[Start of section]

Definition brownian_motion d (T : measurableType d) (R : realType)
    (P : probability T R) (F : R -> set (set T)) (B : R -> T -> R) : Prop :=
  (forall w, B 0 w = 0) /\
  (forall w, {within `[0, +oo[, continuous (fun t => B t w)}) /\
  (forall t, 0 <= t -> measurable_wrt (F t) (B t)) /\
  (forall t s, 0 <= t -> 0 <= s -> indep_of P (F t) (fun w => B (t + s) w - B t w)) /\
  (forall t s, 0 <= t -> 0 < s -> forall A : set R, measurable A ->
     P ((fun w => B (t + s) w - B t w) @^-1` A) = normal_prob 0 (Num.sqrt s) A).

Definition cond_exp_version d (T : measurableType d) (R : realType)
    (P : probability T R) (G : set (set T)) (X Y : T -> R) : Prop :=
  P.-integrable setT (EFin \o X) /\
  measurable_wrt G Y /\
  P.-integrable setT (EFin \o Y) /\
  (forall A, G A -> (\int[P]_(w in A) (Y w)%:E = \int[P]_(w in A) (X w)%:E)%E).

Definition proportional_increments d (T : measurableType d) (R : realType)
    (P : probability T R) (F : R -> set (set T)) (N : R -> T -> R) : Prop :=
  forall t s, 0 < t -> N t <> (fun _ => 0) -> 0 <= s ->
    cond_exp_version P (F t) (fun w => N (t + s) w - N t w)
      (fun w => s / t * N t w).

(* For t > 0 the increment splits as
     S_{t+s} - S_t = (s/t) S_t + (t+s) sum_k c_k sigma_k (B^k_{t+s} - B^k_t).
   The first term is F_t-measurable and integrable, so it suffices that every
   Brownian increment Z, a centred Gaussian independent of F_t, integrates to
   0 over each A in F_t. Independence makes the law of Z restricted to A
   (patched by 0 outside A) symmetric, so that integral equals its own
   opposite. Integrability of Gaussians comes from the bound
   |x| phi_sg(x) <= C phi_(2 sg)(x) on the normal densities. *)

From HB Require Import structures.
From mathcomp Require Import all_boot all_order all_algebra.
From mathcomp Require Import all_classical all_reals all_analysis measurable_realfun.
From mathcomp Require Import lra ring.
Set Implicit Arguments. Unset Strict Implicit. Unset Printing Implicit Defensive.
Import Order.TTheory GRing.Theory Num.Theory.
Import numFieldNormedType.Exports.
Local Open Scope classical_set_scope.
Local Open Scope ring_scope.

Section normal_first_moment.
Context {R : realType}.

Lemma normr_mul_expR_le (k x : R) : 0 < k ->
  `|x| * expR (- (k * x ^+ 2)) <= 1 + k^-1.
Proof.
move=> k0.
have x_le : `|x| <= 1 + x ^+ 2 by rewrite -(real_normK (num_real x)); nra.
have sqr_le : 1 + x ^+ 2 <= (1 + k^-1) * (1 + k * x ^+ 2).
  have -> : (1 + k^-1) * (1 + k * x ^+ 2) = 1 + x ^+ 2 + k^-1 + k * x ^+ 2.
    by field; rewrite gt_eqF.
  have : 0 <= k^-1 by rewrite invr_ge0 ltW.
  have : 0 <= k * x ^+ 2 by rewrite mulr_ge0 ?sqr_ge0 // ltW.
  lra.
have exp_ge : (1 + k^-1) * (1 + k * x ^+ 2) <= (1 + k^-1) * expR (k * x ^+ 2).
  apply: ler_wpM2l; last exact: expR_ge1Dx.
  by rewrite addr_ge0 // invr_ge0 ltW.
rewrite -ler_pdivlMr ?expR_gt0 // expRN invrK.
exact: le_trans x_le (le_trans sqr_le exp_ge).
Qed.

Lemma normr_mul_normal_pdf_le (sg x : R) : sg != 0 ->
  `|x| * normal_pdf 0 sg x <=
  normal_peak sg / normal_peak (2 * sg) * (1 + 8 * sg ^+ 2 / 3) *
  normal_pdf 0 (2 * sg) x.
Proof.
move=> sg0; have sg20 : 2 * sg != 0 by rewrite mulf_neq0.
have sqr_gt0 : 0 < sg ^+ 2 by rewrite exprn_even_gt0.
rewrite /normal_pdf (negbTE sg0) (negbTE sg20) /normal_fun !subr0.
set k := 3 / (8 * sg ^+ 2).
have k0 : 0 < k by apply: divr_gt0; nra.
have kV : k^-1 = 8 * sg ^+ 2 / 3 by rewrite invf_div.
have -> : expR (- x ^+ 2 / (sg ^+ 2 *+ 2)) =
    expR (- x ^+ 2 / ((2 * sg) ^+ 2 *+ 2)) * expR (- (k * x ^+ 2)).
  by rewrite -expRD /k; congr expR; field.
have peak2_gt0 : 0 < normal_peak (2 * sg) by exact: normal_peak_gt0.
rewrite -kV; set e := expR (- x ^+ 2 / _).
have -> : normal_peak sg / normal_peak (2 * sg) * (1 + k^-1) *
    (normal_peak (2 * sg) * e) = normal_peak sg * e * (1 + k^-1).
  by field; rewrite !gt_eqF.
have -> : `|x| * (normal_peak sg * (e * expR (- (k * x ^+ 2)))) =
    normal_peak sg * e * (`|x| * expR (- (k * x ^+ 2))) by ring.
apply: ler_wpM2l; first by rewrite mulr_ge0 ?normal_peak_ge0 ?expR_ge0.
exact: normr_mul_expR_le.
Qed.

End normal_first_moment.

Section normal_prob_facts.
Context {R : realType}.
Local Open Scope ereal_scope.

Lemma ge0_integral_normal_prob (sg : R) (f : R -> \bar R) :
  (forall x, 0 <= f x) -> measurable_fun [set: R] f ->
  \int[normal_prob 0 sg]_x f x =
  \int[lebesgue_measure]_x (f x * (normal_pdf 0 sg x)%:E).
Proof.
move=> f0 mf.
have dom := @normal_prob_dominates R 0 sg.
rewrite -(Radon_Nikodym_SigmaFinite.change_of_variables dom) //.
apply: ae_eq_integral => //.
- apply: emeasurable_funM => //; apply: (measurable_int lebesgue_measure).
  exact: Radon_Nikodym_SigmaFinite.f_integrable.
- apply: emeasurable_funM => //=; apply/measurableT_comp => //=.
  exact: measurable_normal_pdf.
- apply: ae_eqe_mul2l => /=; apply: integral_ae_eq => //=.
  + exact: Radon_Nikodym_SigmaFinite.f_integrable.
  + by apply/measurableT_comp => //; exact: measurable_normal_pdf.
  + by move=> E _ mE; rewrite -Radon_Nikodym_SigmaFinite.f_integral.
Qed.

[End of section]

◆ EXERCISE DIRECTIONS
Nothing but an exact copy of the lines from the start of the entries through the line containing "(forall t s, 0 <= t -> 0 < s" belongs in the response.

◆ TASK RESULT
Definition brownian_motion d (T : measurableType d) (R : realType)
    (P : probability T R) (F : R -> set (set T)) (B : R -> T -> R) : Prop :=
  (forall w, B 0 w = 0) /\
  (forall w, {within `[0, +oo[, continuous (fun t => B t w)}) /\
  (forall t, 0 <= t -> measurable_wrt (F t) (B t)) /\
  (forall t s, 0 <= t -> 0 <= s -> indep_of P (F t) (fun w => B (t + s) w - B t w)) /\
  (forall t s, 0 <= t -> 0 < s -> forall A : set R, measurable A ->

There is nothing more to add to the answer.